◆ **Task directions**
From the data below, repeat exactly the lines from the line with "move=> A _ mA;" to the line with "Unset Implicit Arguments.", both included.

======== Source information

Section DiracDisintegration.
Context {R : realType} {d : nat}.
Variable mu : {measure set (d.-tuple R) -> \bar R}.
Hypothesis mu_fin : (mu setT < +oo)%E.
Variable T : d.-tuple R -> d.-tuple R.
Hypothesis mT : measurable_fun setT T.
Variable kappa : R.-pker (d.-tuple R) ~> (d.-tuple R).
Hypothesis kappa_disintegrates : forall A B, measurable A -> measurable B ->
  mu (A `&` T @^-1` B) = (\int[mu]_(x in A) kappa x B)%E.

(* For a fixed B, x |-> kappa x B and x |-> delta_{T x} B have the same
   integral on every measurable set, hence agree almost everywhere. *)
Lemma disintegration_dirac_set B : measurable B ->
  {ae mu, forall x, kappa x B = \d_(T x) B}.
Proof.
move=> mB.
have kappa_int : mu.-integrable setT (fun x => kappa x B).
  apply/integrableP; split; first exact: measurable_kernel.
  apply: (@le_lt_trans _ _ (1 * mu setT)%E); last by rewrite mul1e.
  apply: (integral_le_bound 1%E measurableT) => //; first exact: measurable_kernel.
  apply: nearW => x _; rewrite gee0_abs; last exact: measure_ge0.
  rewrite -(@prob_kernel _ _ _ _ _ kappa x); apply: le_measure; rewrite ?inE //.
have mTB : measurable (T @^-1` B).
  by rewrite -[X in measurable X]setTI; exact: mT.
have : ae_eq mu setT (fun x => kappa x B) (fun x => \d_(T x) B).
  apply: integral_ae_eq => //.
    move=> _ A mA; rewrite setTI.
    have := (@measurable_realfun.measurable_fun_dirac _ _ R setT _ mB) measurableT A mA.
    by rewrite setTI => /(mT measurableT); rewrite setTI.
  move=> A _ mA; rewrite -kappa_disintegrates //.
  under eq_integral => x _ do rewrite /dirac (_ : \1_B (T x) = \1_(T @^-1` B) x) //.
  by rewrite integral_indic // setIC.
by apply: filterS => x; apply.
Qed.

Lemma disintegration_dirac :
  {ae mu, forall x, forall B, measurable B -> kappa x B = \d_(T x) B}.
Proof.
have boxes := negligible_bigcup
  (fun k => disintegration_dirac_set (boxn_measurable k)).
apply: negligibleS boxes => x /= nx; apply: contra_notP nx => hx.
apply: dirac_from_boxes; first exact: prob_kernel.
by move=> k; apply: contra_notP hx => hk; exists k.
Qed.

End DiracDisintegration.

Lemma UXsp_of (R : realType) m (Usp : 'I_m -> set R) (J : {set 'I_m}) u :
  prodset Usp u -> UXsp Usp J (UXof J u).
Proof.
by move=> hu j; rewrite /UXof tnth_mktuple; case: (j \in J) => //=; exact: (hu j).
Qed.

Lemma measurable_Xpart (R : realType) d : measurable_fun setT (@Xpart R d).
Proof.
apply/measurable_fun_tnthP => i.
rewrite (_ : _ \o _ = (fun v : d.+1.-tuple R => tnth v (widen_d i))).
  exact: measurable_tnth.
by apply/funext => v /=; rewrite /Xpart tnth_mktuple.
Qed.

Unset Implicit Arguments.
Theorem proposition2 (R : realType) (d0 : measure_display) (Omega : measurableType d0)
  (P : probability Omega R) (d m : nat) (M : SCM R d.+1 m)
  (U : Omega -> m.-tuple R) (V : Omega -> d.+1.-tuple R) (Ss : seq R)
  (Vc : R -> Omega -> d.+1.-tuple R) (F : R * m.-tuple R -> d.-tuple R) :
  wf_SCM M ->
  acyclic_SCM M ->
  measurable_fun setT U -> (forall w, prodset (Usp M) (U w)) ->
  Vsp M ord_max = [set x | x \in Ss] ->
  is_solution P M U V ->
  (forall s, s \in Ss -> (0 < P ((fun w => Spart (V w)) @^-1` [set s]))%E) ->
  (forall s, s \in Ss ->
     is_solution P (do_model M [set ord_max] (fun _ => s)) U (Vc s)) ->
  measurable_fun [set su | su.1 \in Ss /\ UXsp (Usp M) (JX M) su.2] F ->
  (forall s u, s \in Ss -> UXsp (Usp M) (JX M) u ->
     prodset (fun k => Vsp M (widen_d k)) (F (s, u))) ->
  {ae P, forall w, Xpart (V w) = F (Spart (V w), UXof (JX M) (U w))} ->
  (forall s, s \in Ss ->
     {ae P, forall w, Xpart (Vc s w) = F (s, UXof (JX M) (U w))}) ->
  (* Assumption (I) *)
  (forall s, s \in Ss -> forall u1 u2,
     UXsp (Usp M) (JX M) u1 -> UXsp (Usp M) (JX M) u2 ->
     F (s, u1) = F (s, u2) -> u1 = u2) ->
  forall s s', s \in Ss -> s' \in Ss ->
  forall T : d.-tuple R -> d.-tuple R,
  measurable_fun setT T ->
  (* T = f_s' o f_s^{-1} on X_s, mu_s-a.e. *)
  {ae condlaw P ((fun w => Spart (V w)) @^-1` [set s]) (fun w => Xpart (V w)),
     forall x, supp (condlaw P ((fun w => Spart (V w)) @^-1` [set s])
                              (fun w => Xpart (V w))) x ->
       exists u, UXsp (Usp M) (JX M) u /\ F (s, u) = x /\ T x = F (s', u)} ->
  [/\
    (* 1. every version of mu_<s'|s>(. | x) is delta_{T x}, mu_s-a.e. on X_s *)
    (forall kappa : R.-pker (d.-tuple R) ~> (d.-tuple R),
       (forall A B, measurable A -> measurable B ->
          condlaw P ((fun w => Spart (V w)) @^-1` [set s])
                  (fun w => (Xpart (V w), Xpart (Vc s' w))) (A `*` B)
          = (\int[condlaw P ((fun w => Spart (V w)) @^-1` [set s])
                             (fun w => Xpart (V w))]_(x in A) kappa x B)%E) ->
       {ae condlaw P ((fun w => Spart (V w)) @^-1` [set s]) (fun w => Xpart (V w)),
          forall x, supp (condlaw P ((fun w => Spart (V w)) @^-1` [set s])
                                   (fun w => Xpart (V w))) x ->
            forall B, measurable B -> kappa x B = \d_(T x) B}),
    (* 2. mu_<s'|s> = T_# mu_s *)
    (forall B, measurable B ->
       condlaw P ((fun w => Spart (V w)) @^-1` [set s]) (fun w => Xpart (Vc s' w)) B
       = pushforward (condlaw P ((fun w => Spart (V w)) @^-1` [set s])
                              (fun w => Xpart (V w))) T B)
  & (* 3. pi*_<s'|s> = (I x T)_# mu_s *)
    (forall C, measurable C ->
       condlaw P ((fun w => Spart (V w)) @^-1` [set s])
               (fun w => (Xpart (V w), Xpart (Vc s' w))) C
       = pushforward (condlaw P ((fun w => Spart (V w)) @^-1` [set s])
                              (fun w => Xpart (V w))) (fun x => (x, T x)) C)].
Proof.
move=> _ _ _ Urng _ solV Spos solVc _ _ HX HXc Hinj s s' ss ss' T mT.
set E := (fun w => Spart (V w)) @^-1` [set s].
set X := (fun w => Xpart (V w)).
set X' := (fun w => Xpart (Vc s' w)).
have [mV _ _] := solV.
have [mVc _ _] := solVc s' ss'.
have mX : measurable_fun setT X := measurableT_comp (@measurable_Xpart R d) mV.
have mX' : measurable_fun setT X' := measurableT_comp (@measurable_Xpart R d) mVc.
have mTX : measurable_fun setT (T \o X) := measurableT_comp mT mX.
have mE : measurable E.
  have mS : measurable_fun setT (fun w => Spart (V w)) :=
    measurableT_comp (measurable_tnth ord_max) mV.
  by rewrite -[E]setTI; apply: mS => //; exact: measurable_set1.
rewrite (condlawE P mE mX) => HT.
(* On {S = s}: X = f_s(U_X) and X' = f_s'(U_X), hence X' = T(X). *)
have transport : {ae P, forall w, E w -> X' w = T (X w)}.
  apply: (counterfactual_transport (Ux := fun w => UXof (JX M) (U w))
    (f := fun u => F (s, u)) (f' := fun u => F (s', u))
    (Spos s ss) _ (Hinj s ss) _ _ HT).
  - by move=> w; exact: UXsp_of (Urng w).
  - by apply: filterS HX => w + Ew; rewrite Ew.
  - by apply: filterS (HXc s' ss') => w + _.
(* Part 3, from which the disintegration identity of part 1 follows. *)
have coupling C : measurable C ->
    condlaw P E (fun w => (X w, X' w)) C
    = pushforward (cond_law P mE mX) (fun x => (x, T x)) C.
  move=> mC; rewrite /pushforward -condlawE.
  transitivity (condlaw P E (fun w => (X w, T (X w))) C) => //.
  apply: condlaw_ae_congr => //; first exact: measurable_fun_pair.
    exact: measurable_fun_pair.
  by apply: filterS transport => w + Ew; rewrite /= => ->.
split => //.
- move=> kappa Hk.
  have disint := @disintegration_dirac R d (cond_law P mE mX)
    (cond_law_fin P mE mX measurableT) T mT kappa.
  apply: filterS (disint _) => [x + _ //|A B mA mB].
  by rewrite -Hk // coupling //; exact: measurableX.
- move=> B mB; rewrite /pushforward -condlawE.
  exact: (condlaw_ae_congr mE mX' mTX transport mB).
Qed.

================

◆ **Exercise answer**
  move=> A _ mA; rewrite -kappa_disintegrates //.
  under eq_integral => x _ do rewrite /dirac (_ : \1_B (T x) = \1_(T @^-1` B) x) //.
  by rewrite integral_indic // setIC.
by apply: filterS => x; apply.
Qed.

Lemma disintegration_dirac :
  {ae mu, forall x, forall B, measurable B -> kappa x B = \d_(T x) B}.
Proof.
have boxes := negligible_bigcup
  (fun k => disintegration_dirac_set (boxn_measurable k)).
apply: negligibleS boxes => x /= nx; apply: contra_notP nx => hx.
apply: dirac_from_boxes; first exact: prob_kernel.
by move=> k; apply: contra_notP hx => hk; exists k.
Qed.

End DiracDisintegration.

Lemma UXsp_of (R : realType) m (Usp : 'I_m -> set R) (J : {set 'I_m}) u :
  prodset Usp u -> UXsp Usp J (UXof J u).
Proof.
by move=> hu j; rewrite /UXof tnth_mktuple; case: (j \in J) => //=; exact: (hu j).
Qed.

Lemma measurable_Xpart (R : realType) d : measurable_fun setT (@Xpart R d).
Proof.
apply/measurable_fun_tnthP => i.
rewrite (_ : _ \o _ = (fun v : d.+1.-tuple R => tnth v (widen_d i))).
  exact: measurable_tnth.
by apply/funext => v /=; rewrite /Xpart tnth_mktuple.
Qed.

Unset Implicit Arguments.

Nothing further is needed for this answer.